The lite version provides the core functionality with reduced dependencies, while the full version includes TensorFlow for direct model loading and advanced features.

## Test settings

```python
import pyoxynet

# Load the TFL model
tfl_model = pyoxynet.load_tf_model()

# Make inference on a random input
test_tfl_model(tfl_model)

# Plot the inference on a test dataset
pyoxynet.test_pyoxynet()
```

Data required for the inference include oxygen uptake (VO2), exhaled CO2 (VCO2), minute ventilation (VE), end tidal O2 (PetO2) and CO2(PetCO2), and ventilatory equivalents (VEVO2 and VEVCO2):

| VO2 | VCO2 | VE | PetO2 | PetCO2 | VEVO2 | VEVCO2 |
|-----|------|----|-------|--------|-------|--------|
|     |      |    |       |        |       |        |
|     |      |    |       |        |       |        |
|     |      |    |       |        |       |        |

This structure might evolve with different package version, so please refer to the main [GitHub repository](https://github.com/andreazignoli/pyoxynet) README for the latest structure details. 

## Contributing

Pull requests are welcome.
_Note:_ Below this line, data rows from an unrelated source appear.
(* The composition map $(c,d)\mapsto c\circ d$, restricted to $\mathtt{CA}\times\mathtt{SUR}$, is continuous from $(\mathtt{CA},\delta)\times(\mathtt{SUR},\delta)$ to $(\mathtt{CA},\delta)$.
   Context: $\Sigma$ is a finite alphabet with $|\Sigma|\ge2$. For $r\in\mathbb{N}$, $N(r)=[-r,r]\subseteq\mathbb{Z}$. A cellular automaton (CA) $c:\Sigma^\mathbb{Z}\to\Sigma^\mathbb{Z}$ is a map given by a local function $F:\Sigma^{N(r)}\to\Sigma$ via $c(x)_i=F(x_{[i-r,i+r]})$ for some $r\in\mathbb{N}$ (any such $r$ is a radius of $c$; the minimal one is $r(c)$); equivalently, a continuous shift-commuting map. $\mathtt{CA}$ is the set of all CA on $\Sigma^\mathbb{Z}$ and $\mathtt{SUR}$ the set of surjective ones. For $c,d\in\mathtt{CA}$ and a common radius $r$, the difference set is $D^c_d=\{w\in\Sigma^{N(r)}\mid c(x)_0\ne d(x)_0 \text{ for } x \text{ with } x_{[-r,r]}=w\}$ (i.e. the words on which the local rules of $c$ and $d$ give different central outputs), and the metric is $\delta(c,d)=|D^c_d|/|\Sigma|^{2r+1}$, which does not depend on the choice of $r$. $(\mathtt{CA},\delta)$ is called the uniform Bernoulli space. *)

From HB Require Import structures.
From mathcomp Require Import all_boot all_order all_algebra.
From Stdlib Require Import ClassicalEpsilon.
Set Implicit Arguments. Unset Strict Implicit. Unset Printing Implicit Defensive.
Import Order.TTheory GRing.Theory Num.Theory.
Local Open Scope ring_scope.

Definition config (S : finType) := int -> S.

Definition window (S : finType) (r : nat) (x : config S) (i : int)
  : {ffun 'I_(r.*2).+1 -> S} :=
  [ffun k : 'I_(r.*2).+1 => x (i - r%:Z + (nat_of_ord k)%:Z)].

Definition is_radius (S : finType) (c : config S -> config S) (r : nat) : Prop :=
  exists F : {ffun 'I_(r.*2).+1 -> S} -> S,
    forall (x : config S) (i : int), c x i = F (window r x i).

Definition isCA (S : finType) (c : config S -> config S) : Prop :=
  exists r : nat, is_radius c r.

Definition isSurjective (S : finType) (c : config S -> config S) : Prop :=
  forall y : config S, exists x : config S, c x = y.

(* some configuration x with x_[-r,r] = w (arbitrary outside) *)
Definition extend (S : finType) (r : nat) (w : {ffun 'I_(r.*2).+1 -> S})
  : config S :=
  fun j => if (- (r%:Z) <= j) && (j <= r%:Z)
           then w (inord (absz (j + r%:Z)))
           else w ord0.

Definition diffset (S : finType) (r : nat) (c d : config S -> config S)
  : {set {ffun 'I_(r.*2).+1 -> S}} :=
  [set w | c (extend w) 0 != d (extend w) 0].

Definition delta_r (S : finType) (r : nat) (c d : config S -> config S) : rat :=
  (#|diffset r c d|)%:R / ((#|S| ^ (r.*2).+1)%N)%:R.

(* a chosen radius of c (any radius, when c is a CA) *)
Definition some_radius (S : finType) (c : config S -> config S) : nat :=
  epsilon (inhabits 0%N) (fun r => is_radius c r).

Definition delta (S : finType) (c d : config S -> config S) : rat :=
  delta_r (maxn (some_radius c) (some_radius d)) c d.

(* All differences between cellular automata are measured by densities: for a
   predicate P on configurations that only looks at the cells [a, a+n), its
   density is the proportion of words t of length n such that P holds on the
   configuration carrying t at position a.  This proportion does not change
   when the window is enlarged, and delta c d is the density of the predicate
   "c and d disagree at cell 0".

   The key fact is Hedlund's balance theorem: if d is surjective with radius r,
   every word of length m has exactly |S|^(2r) preimages of length m + 2r under
   the local rule of d.  Hence d preserves densities: P \o d has the same
   density as P.  Writing c d and c' d' for compositions, the triangle inequality
   delta (c d) (c' d') <= delta (c d) (c d') + delta (c d') (c' d') then gives
   - delta (c d) (c d') <= (2 r_c + 1) delta d d', since c d and c d' can only
     differ at 0 if d and d' differ somewhere in [-r_c, r_c];
   - delta (c d') (c' d') = delta c c', by density preservation under d'.
   So eta = eps / (2 r_c + 2) works in the main theorem. *)
From HB Require Import structures.
From mathcomp Require Import all_boot all_order all_algebra.
From mathcomp Require Import zify ring.
From Stdlib Require Import ClassicalEpsilon FunctionalExtensionality.
Set Implicit Arguments. Unset Strict Implicit. Unset Printing Implicit Defensive.
Import Order.TTheory GRing.Theory Num.Theory.

Lemma sum_tuple_cat (T : finType) n m (F : seq T -> nat) :
  \sum_(t : (n + m).-tuple T) F t =
  \sum_(t1 : n.-tuple T) \sum_(t2 : m.-tuple T) F (t1 ++ t2).
Proof.
rewrite pair_bigA /=.
have take_ok (t : (n + m).-tuple T) : size (take n t) == n.
  by rewrite size_takel // size_tuple leq_addr.
have drop_ok (t : (n + m).-tuple T) : size (drop n t) == m.
  by rewrite size_drop size_tuple addKn.
rewrite (reindex (fun p : n.-tuple T * m.-tuple T => cat_tuple p.1 p.2)) //=.
exists (fun t => (Tuple (take_ok t), Tuple (drop_ok t))) => [[t1 t2] _|t _].
- congr pair; apply: val_inj => /=.
  + by rewrite take_size_cat // size_tuple.
  + by rewrite drop_size_cat // size_tuple.
- by apply: val_inj => /=; rewrite cat_take_drop.
Qed.

Lemma sum_tuple_cons (T : finType) k (F : seq T -> nat) :
  \sum_(t : k.+1.-tuple T) F t = \sum_(y : T) \sum_(t : k.-tuple T) F (y :: t).
Proof.
rewrite pair_bigA /=.
rewrite (reindex (fun p : T * k.-tuple T => cons_tuple p.1 p.2)) //=.
exists (fun t : k.+1.-tuple T => (thead t, behead_tuple t)) => [[y t] _|t _].
- by congr pair; apply: val_inj.
- by apply: val_inj; rewrite /= [in RHS](tuple_eta t).
Qed.

Lemma sum_tuple_const (T : finType) k (c : nat) :
  \sum_(t : k.-tuple T) c = (#|T| ^ k * c)%N.
Proof. by rewrite sum_nat_const card_tuple. Qed.

Lemma sum_tuple_indicator (T : finType) m (w : seq T) (g : seq T -> nat) :
  size w = m -> \sum_(u : m.-tuple T) (w == val u) * g (val u) = g w.
Proof.
move=> hw; have hw' : size w == m by apply/eqP.
rewrite (bigD1 (Tuple hw')) //= eqxx mul1n big1 ?addn0 // => u hu.
case: eqP => // e; exfalso; move/eqP: hu; apply; apply: val_inj => /=; by rewrite e.
Qed.

Lemma sum_tuple_indicator_le1 (T : finType) m (w : seq T) :
  \sum_(u : m.-tuple T) (w == val u) <= 1.
Proof.
case: (eqVneq (size w) m) => hw.
  have E := sum_tuple_indicator (fun _ => 1%N) hw.
  by rewrite (eq_bigr _ (fun u _ => muln1 _)) in E; rewrite E.
rewrite big1 // => u _; case: eqP => // e; move: hw; by rewrite e size_tuple eqxx.
Qed.

(* Densities of predicates depending on finitely many cells. *)

Section Density.
Variables (S : finType) (x0 : S).

Definition pad (a : int) (s : seq S) : config S :=
  fun j => if (a <= j)%R then nth x0 s (absz (j - a)) else x0.

Definition depends_on (a : int) (n : nat) (P : config S -> bool) : Prop :=
  forall x y : config S,
    (forall j : int, (a <= j)%R -> (j < a + Posz n)%R -> x j = y j) -> P x = P y.

Definition count_pad (a : int) (n : nat) (P : config S -> bool) : nat :=
  \sum_(t : n.-tuple S) P (pad a t).

Definition density (a : int) (n : nat) (P : config S -> bool) : rat :=
  ((count_pad a n P)%:R / (#|S| ^ n)%:R)%R.

Lemma depends_on_widen a n a' n' (P : config S -> bool) :
  depends_on a n P -> (a' <= a)%R -> (a + Posz n <= a' + Posz n')%R ->
  depends_on a' n' P.
Proof. move=> dP h1 h2 x y hxy; apply: dP => j j1 j2; apply: hxy; lia. Qed.

Lemma count_pad_right a n k P :
  depends_on a n P -> count_pad a (n + k) P = (count_pad a n P * #|S| ^ k)%N.
Proof.
move=> dP; rewrite /count_pad (sum_tuple_cat _ _ (fun s => nat_of_bool (P (pad a s)))).
rewrite big_distrl /=; apply: eq_bigr => t1 _.
rewrite (eq_bigr (fun _ => nat_of_bool (P (pad a t1)))); last first.
  move=> t2 _; congr nat_of_bool; apply: dP => j h1 h2.
  rewrite /pad h1 nth_cat size_tuple; case: ifP => //; lia.
by rewrite sum_tuple_const mulnC.
Qed.

Lemma count_pad_left a n k P :
  depends_on a n P ->
  count_pad (a - Posz k)%R (k + n) P = (#|S| ^ k * count_pad a n P)%N.
Proof.
move=> dP.
rewrite /count_pad (sum_tuple_cat _ _ (fun s => nat_of_bool (P (pad (a - Posz k)%R s)))).
rewrite (eq_bigr (fun _ => \sum_(t2 : n.-tuple S) P (pad a t2))); last first.
  move=> t1 _; apply: eq_bigr => t2 _; congr nat_of_bool; apply: dP => j h1 h2.
  have h3 : (a - Posz k <= j)%R by lia.
  rewrite /pad h1 h3 nth_cat size_tuple; case: ifP; first lia.
  by move=> _; congr nth; lia.
by rewrite sum_tuple_const.
Qed.
Lemma flux_arc_walk D a l b : uniq l -> arc_walk a l b ->
  flux s t D (arc_flow l) = (a \in D)%:R - (b \in D)%:R.
Proof.
elim: l a => [|[e0 dir] l IH] a /=.
  by move=> _ ->; rewrite subrr flux_eq0 // => e; rewrite /arc_flow subrr.
move=> /andP[e0l ul] [<- w].
have arc_flow_cons : arc_flow ((e0, dir) :: l) =1
    fun e => (if dir then 1 else -1) * (e == e0)%:R + arc_flow l e.
  move=> e; rewrite /arc_flow !in_cons !xpair_eqE.
  have [->|_] := eqVneq e e0; last by rewrite mulr0 add0r.
  by move: e0l; case: (dir) => /negbTE e0l; rewrite /= ?e0l /=; ring.
rewrite (eq_flux arc_flow_cons) fluxD fluxZ flux_edge (IH _ ul w).
by case: (dir); rewrite /arc_src /arc_tgt /=; ring.
Qed.

Definition fwd_arcs (p : seq E) : seq (E * bool) := [seq (e, true) | e <- p].

Lemma arc_walk_fwd a p b : arc_walk a (fwd_arcs p) b <-> is_walk s t a p b.
Proof. by elim: p a => [|e p IH] a //=; rewrite IH. Qed.

Lemma flux_walk D a p b : uniq p -> is_walk s t a p b ->
  flux s t D (ind p) = (a \in D)%:R - (b \in D)%:R.
Proof.
have inj_fwd : injective (fun e : E => (e, true)) by move=> e f [].
move=> up /arc_walk_fwd w; rewrite -(flux_arc_walk D _ w) ?map_inj_uniq //.
apply: eq_flux => e; rewrite /arc_flow /ind.
have /negbTE -> : (e, false) \notin fwd_arcs p by apply/mapP => -[].
by rewrite (mem_map inj_fwd) subr0.
Qed.

Lemma path_uniq a p b : is_path s t a p b -> uniq p.
Proof. by case=> _ /andP[_ /map_uniq]. Qed.

Lemma walk_prefix a p b e : is_walk s t a p b -> e \in p ->
  exists2 p1, is_walk s t a p1 (s e) & {subset p1 <= p}.
Proof.
elim: p a => [|f p IH] a //= [<- w]; rewrite in_cons => /predU1P[->|/(IH _ w)].
  by exists [::].
case=> p1 w1 sub1; exists (f :: p1) => //= g.
by rewrite !in_cons => /predU1P[->|/sub1->]; rewrite ?eqxx ?orbT.
Qed.

Lemma walk_closed (A : {set V}) a p b : (forall e, s e \in A -> t e \in A) ->
  is_walk s t a p b -> a \in A -> b \in A.
Proof. by move=> closedA; elim: p a => [|e p IH] a /= => [->|[<- /IH w /closedA]]. Qed.

Lemma reachable_add_paths (A B : {set V}) (v : E -> R) (ps : seq (V * seq E)) :
  reachable_from s t A v ->
  (forall r, r \in ps -> r.1 \in B /\ exists b, is_walk s t r.1 r.2 b) ->
  {in flatten (map snd ps), forall e, v e = 0} ->
  reachable_from s t (A :|: B) (fun e => v e + ind (flatten (map snd ps)) e).
Proof.
set F := flatten _ => v_reach ps_walks v_F e.
have [eF _|eF] := boolP (e \in F).
  have [r r_ps e_r] : exists2 r, r \in ps & e \in r.2.
    by case/flattenP: eF => _ /mapP[r r_ps ->]; exists r.
  have [r1B [b w]] := ps_walks r r_ps.
  have [p1 w1 p1_r] := walk_prefix w e_r.
  exists r.1, p1; split; first by rewrite inE r1B orbT.
  split=> // f /p1_r f_r.
  have fF : f \in F by apply/flattenP; exists r.2; first exact: map_f.
  by rewrite v_F // /ind fF add0r.
rewrite /ind (negbTE eF) addr0 => /v_reach[a [p1 [aA [w1 p1_1]]]].
exists a, p1; split; first by rewrite inE aA.
split=> // f /p1_1 vf1; rewrite vf1.
have /negbTE -> : f \notin F by apply/negP => /v_F; rewrite vf1 => /eqP; rewrite oner_eq0.
by rewrite addr0.
Qed.

Definition arc_rel (ok : pred (E * bool)) : rel V :=
  fun x y => [exists k, [&& ok k, arc_src k == x & arc_tgt k == y]].

Definition arc_reach (ok : pred (E * bool)) (B : {set V}) : {set V} :=
  [set y | [exists b in B, connect (arc_rel ok) b y]].

Lemma subset_arc_reach (ok : pred (E * bool)) (B : {set V}) : B \subset arc_reach ok B.
Proof.
by apply/subsetP => b bB; rewrite inE; apply/existsP; exists b; rewrite bB connect0.
Qed.

Lemma arc_reach_closed (ok : pred (E * bool)) (B : {set V}) k : ok k ->
  arc_src k \in arc_reach ok B -> arc_tgt k \in arc_reach ok B.
Proof.
move=> okk; rewrite !inE => /existsP[b /andP[bB reach_k]].
apply/existsP; exists b; rewrite bB /=; apply: connect_trans reach_k _.
by apply: connect1; apply/existsP; exists k; rewrite okk !eqxx.
Qed.
(* Let $0<\kappa_0\le1$, $0<\alpha_0\le1$, $T\ge8$, $M=4T\kappa_0^{-1}$, $\Lambda\subset\mathfrak T$, and let $w,D$ be as in the context with $D\in\mathcal G_{\Lambda,T,\kappa_0}$. If $\gamma=(n_1,\dots,n_k)\in\Gamma_{D,T,\kappa_0}(n_1,n_k;k,\Lambda,\mathfrak R)$, then $$W_{D,\kappa_0}(\gamma)\le\exp\big(kM^2-\kappa_0(1-2^{-9})\|\gamma\|+2\bar D(\gamma)\big).$$
   Context: $(\mathfrak T,+)$ is an Abelian group with $|\cdot|:\mathfrak T\to[0,\infty)$, $|m|=0$ iff $m=0$, $|m+n|\le|m|+|n|$. Fix $\Lambda\subset\mathfrak T$ and functions $w:\Lambda\times\Lambda\to[0,\infty)$, $D:\Lambda\to[1,\infty)$ with $w(m,m)=1$ and $w(m,n)\le\exp(-\kappa_0|m-n|^{\alpha_0})$. A trajectory is a finite sequence $\gamma=(n_1,\dots,n_k)$ of points of $\Lambda$, $k\ge1$, with $n_{j+1}\ne n_j$. Put $\|\gamma\|=\sum_{i=1}^{k-1}|n_i-n_{i+1}|^{\alpha_0}$ ($=0$ if $k=1$), $\bar D(\gamma)=\max_jD(n_j)$, $W_{D,\kappa_0}(\gamma)=\exp(-\kappa_0\|\gamma\|+\sum_{j=1}^kD(n_j))$. Let $\mu_\Lambda(m)=\inf\{|m-n|:n\in\mathfrak T\setminus\Lambda\}$. $D\in\mathcal G_{\Lambda,T,\kappa_0}$ means: $D(m)\le T\mu_\Lambda(m)^{\alpha_0/5}$ for every $m$ with $D(m)\ge4T\kappa_0^{-1}$. For $D\in\mathcal G_{\Lambda,T,\kappa_0}$, $\Gamma_{D,T,\kappa_0}(n_1,n_k;k,\Lambda,\mathfrak R)$ is the set of trajectories $\gamma=(n_1,\dots,n_k)$ such that: (A) for all $i<j$ with $j\ge i+2$ and $\min(D(n_i),D(n_j))\ge4T\kappa_0^{-1}$ one has $\min(D(n_i),D(n_j))\le T\|(n_i,\dots,n_j)\|^{\alpha_0/5}$; and (B) if for some $i$ one has $\min(D(n_i),D(n_{i+1}))\ge4T\kappa_0^{-1}$ and $\min(D(n_i),D(n_{i+1}))>T|n_i-n_{i+1}|^{\alpha_0/5}$, then for all $j'<i<i+1<j''$: $\min(D(n_{j'}),D(n_i))\le T\|(n_{j'},\dots,n_i)\|^{\alpha_0/5}$, $\min(D(n_i),D(n_{j''}))\le T\|(n_i,\dots,n_{j''})\|^{\alpha_0/5}$, $\min(D(n_{j'}),D(n_{i+1}))\le T\|(n_{j'},\dots,n_{i+1})\|^{\alpha_0/5}$, $\min(D(n_{i+1}),D(n_{j''}))\le T\|(n_{i+1},\dots,n_{j''})\|^{\alpha_0/5}$. *)

From Stdlib Require Import Reals List.
Import ListNotations.
Open Scope R_scope.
For major changes, please open an issue first to discuss what you would like to change.

## License

Please refer to the LICENSE file at the [GitHub repository](https://github.com/andreazignoli/pyoxynet). 

## Disclaimer

All content found on this website, including: text, images, tables, or other formats are created for informational purposes only. The information provided by this software is not intended to be a substitute for professional medical advice, diagnosis, or treatment. Always seek the advice of your physician or other qualified health provider with any questions you may have regarding a medical condition. Never disregard professional medical advice or delay in seeking it because of something has been provided by this software.